**Your goal:**
Each entry must be returned exactly. None may be omitted.

**Data listing:**
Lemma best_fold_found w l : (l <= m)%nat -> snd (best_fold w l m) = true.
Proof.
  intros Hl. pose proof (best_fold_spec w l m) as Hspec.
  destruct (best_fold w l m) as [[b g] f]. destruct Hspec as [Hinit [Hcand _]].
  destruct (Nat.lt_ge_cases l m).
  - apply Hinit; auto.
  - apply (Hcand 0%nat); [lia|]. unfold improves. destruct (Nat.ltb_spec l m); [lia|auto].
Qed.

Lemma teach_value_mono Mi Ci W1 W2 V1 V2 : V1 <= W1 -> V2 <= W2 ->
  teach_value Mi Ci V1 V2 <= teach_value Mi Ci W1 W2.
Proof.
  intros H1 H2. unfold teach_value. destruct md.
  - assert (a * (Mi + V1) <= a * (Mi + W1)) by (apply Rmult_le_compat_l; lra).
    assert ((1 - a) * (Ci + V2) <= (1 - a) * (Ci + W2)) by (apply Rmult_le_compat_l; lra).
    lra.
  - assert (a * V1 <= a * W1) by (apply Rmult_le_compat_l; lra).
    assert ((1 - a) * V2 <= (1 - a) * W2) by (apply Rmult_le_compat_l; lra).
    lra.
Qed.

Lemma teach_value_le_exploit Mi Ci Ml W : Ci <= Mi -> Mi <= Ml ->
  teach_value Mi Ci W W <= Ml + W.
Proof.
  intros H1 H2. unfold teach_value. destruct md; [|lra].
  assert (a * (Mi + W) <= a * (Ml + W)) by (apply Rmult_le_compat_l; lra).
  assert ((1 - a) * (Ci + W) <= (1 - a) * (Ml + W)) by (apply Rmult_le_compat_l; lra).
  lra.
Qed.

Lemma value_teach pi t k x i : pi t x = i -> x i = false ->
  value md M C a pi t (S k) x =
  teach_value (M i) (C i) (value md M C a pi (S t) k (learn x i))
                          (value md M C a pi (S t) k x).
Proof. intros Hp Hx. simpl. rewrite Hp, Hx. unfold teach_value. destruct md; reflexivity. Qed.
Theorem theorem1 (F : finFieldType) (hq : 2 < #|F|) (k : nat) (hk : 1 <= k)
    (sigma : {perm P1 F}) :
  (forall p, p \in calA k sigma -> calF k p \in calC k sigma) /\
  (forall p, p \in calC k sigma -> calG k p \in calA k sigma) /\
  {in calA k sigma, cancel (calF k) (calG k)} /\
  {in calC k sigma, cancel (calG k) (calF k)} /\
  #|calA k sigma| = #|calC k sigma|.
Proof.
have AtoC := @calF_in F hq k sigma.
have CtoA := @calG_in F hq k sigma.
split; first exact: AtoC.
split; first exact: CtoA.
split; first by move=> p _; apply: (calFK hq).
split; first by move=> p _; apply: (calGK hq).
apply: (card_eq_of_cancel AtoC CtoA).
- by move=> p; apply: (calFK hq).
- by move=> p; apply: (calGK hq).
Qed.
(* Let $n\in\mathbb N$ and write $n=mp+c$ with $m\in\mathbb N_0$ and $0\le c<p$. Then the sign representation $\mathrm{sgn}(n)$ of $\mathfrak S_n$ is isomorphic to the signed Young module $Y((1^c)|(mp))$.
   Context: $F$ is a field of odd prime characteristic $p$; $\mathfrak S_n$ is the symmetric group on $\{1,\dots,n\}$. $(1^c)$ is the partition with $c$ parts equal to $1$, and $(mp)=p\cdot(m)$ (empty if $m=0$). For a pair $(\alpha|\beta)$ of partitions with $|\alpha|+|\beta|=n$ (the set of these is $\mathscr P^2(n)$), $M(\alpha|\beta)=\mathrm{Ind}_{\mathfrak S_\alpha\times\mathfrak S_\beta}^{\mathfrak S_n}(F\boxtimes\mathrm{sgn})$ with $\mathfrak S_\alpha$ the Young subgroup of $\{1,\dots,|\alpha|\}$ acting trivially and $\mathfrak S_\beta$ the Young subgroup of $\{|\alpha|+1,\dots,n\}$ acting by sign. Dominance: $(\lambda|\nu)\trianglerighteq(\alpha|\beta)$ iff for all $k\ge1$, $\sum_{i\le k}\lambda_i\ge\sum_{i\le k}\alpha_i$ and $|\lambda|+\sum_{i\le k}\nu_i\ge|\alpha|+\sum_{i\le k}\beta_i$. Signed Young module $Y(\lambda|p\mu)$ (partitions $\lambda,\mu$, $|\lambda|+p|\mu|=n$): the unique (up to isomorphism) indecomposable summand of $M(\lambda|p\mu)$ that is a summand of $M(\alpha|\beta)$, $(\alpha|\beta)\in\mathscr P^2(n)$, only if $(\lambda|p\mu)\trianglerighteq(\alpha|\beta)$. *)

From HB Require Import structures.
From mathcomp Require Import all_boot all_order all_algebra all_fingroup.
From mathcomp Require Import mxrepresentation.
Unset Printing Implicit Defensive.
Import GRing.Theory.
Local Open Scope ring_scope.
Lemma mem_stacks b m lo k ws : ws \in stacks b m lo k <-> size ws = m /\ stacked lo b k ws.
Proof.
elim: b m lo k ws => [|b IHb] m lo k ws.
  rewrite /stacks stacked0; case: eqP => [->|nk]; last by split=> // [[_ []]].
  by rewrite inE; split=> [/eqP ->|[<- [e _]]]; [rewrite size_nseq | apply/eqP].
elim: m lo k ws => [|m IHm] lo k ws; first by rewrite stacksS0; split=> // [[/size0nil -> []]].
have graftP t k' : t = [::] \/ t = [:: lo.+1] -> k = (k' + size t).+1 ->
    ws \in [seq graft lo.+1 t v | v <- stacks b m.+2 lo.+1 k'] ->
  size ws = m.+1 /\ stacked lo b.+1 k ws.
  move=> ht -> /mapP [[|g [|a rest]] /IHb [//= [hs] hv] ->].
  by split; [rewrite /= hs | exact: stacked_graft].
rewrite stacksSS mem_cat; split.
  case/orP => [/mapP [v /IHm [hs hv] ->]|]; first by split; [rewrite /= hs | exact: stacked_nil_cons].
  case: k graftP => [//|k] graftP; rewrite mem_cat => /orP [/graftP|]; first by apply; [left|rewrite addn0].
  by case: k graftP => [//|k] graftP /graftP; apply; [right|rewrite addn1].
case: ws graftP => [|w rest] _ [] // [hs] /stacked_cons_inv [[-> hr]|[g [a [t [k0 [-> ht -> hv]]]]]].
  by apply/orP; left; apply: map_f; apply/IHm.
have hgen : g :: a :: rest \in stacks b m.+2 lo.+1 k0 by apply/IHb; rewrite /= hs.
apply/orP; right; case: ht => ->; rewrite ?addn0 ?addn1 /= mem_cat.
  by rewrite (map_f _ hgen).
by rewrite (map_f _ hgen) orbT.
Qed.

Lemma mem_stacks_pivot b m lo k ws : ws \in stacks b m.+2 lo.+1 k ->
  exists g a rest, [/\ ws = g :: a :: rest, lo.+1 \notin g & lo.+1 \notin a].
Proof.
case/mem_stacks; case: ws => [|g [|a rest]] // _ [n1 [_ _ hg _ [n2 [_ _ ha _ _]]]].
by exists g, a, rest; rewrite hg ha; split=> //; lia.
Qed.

**Answer to this exercise:**
Lemma best_fold_found w l : (l <= m)%nat -> snd (best_fold w l m) = true.
Proof.
  intros Hl. pose proof (best_fold_spec w l m) as Hspec.
  destruct (best_fold w l m) as [[b g] f]. destruct Hspec as [Hinit [Hcand _]].
  destruct (Nat.lt_ge_cases l m).
  - apply Hinit; auto.
  - apply (Hcand 0%nat); [lia|]. unfold improves. destruct (Nat.ltb_spec l m); [lia|auto].
Qed.

Lemma teach_value_mono Mi Ci W1 W2 V1 V2 : V1 <= W1 -> V2 <= W2 ->
  teach_value Mi Ci V1 V2 <= teach_value Mi Ci W1 W2.
Proof.
  intros H1 H2. unfold teach_value. destruct md.
  - assert (a * (Mi + V1) <= a * (Mi + W1)) by (apply Rmult_le_compat_l; lra).
    assert ((1 - a) * (Ci + V2) <= (1 - a) * (Ci + W2)) by (apply Rmult_le_compat_l; lra).
    lra.
  - assert (a * V1 <= a * W1) by (apply Rmult_le_compat_l; lra).
    assert ((1 - a) * V2 <= (1 - a) * W2) by (apply Rmult_le_compat_l; lra).
    lra.
Qed.

Lemma teach_value_le_exploit Mi Ci Ml W : Ci <= Mi -> Mi <= Ml ->
  teach_value Mi Ci W W <= Ml + W.
Proof.
  intros H1 H2. unfold teach_value. destruct md; [|lra].
  assert (a * (Mi + W) <= a * (Ml + W)) by (apply Rmult_le_compat_l; lra).
  assert ((1 - a) * (Ci + W) <= (1 - a) * (Ml + W)) by (apply Rmult_le_compat_l; lra).
  lra.
Qed.

Lemma value_teach pi t k x i : pi t x = i -> x i = false ->
  value md M C a pi t (S k) x =
  teach_value (M i) (C i) (value md M C a pi (S t) k (learn x i))
                          (value md M C a pi (S t) k x).
Proof. intros Hp Hx. simpl. rewrite Hp, Hx. unfold teach_value. destruct md; reflexivity. Qed.
Theorem theorem1 (F : finFieldType) (hq : 2 < #|F|) (k : nat) (hk : 1 <= k)
    (sigma : {perm P1 F}) :
  (forall p, p \in calA k sigma -> calF k p \in calC k sigma) /\
  (forall p, p \in calC k sigma -> calG k p \in calA k sigma) /\
  {in calA k sigma, cancel (calF k) (calG k)} /\
  {in calC k sigma, cancel (calG k) (calF k)} /\
  #|calA k sigma| = #|calC k sigma|.
Proof.
have AtoC := @calF_in F hq k sigma.
have CtoA := @calG_in F hq k sigma.
split; first exact: AtoC.
split; first exact: CtoA.
split; first by move=> p _; apply: (calFK hq).
split; first by move=> p _; apply: (calGK hq).
apply: (card_eq_of_cancel AtoC CtoA).
- by move=> p; apply: (calFK hq).
- by move=> p; apply: (calGK hq).
Qed.
(* Let $n\in\mathbb N$ and write $n=mp+c$ with $m\in\mathbb N_0$ and $0\le c<p$. Then the sign representation $\mathrm{sgn}(n)$ of $\mathfrak S_n$ is isomorphic to the signed Young module $Y((1^c)|(mp))$.
   Context: $F$ is a field of odd prime characteristic $p$; $\mathfrak S_n$ is the symmetric group on $\{1,\dots,n\}$. $(1^c)$ is the partition with $c$ parts equal to $1$, and $(mp)=p\cdot(m)$ (empty if $m=0$). For a pair $(\alpha|\beta)$ of partitions with $|\alpha|+|\beta|=n$ (the set of these is $\mathscr P^2(n)$), $M(\alpha|\beta)=\mathrm{Ind}_{\mathfrak S_\alpha\times\mathfrak S_\beta}^{\mathfrak S_n}(F\boxtimes\mathrm{sgn})$ with $\mathfrak S_\alpha$ the Young subgroup of $\{1,\dots,|\alpha|\}$ acting trivially and $\mathfrak S_\beta$ the Young subgroup of $\{|\alpha|+1,\dots,n\}$ acting by sign. Dominance: $(\lambda|\nu)\trianglerighteq(\alpha|\beta)$ iff for all $k\ge1$, $\sum_{i\le k}\lambda_i\ge\sum_{i\le k}\alpha_i$ and $|\lambda|+\sum_{i\le k}\nu_i\ge|\alpha|+\sum_{i\le k}\beta_i$. Signed Young module $Y(\lambda|p\mu)$ (partitions $\lambda,\mu$, $|\lambda|+p|\mu|=n$): the unique (up to isomorphism) indecomposable summand of $M(\lambda|p\mu)$ that is a summand of $M(\alpha|\beta)$, $(\alpha|\beta)\in\mathscr P^2(n)$, only if $(\lambda|p\mu)\trianglerighteq(\alpha|\beta)$. *)

From HB Require Import structures.
From mathcomp Require Import all_boot all_order all_algebra all_fingroup.
From mathcomp Require Import mxrepresentation.
Unset Printing Implicit Defensive.
Import GRing.Theory.
Local Open Scope ring_scope.
Lemma mem_stacks b m lo k ws : ws \in stacks b m lo k <-> size ws = m /\ stacked lo b k ws.
Proof.
elim: b m lo k ws => [|b IHb] m lo k ws.
  rewrite /stacks stacked0; case: eqP => [->|nk]; last by split=> // [[_ []]].
  by rewrite inE; split=> [/eqP ->|[<- [e _]]]; [rewrite size_nseq | apply/eqP].
elim: m lo k ws => [|m IHm] lo k ws; first by rewrite stacksS0; split=> // [[/size0nil -> []]].
have graftP t k' : t = [::] \/ t = [:: lo.+1] -> k = (k' + size t).+1 ->
    ws \in [seq graft lo.+1 t v | v <- stacks b m.+2 lo.+1 k'] ->
  size ws = m.+1 /\ stacked lo b.+1 k ws.
  move=> ht -> /mapP [[|g [|a rest]] /IHb [//= [hs] hv] ->].
  by split; [rewrite /= hs | exact: stacked_graft].
rewrite stacksSS mem_cat; split.
  case/orP => [/mapP [v /IHm [hs hv] ->]|]; first by split; [rewrite /= hs | exact: stacked_nil_cons].
  case: k graftP => [//|k] graftP; rewrite mem_cat => /orP [/graftP|]; first by apply; [left|rewrite addn0].
  by case: k graftP => [//|k] graftP /graftP; apply; [right|rewrite addn1].
case: ws graftP => [|w rest] _ [] // [hs] /stacked_cons_inv [[-> hr]|[g [a [t [k0 [-> ht -> hv]]]]]].
  by apply/orP; left; apply: map_f; apply/IHm.
have hgen : g :: a :: rest \in stacks b m.+2 lo.+1 k0 by apply/IHb; rewrite /= hs.
apply/orP; right; case: ht => ->; rewrite ?addn0 ?addn1 /= mem_cat.
  by rewrite (map_f _ hgen).
by rewrite (map_f _ hgen) orbT.
Qed.

Lemma mem_stacks_pivot b m lo k ws : ws \in stacks b m.+2 lo.+1 k ->
  exists g a rest, [/\ ws = g :: a :: rest, lo.+1 \notin g & lo.+1 \notin a].
Proof.
case/mem_stacks; case: ws => [|g [|a rest]] // _ [n1 [_ _ hg _ [n2 [_ _ ha _ _]]]].
by exists g, a, rest; rewrite hg ha; split=> //; lia.
Qed.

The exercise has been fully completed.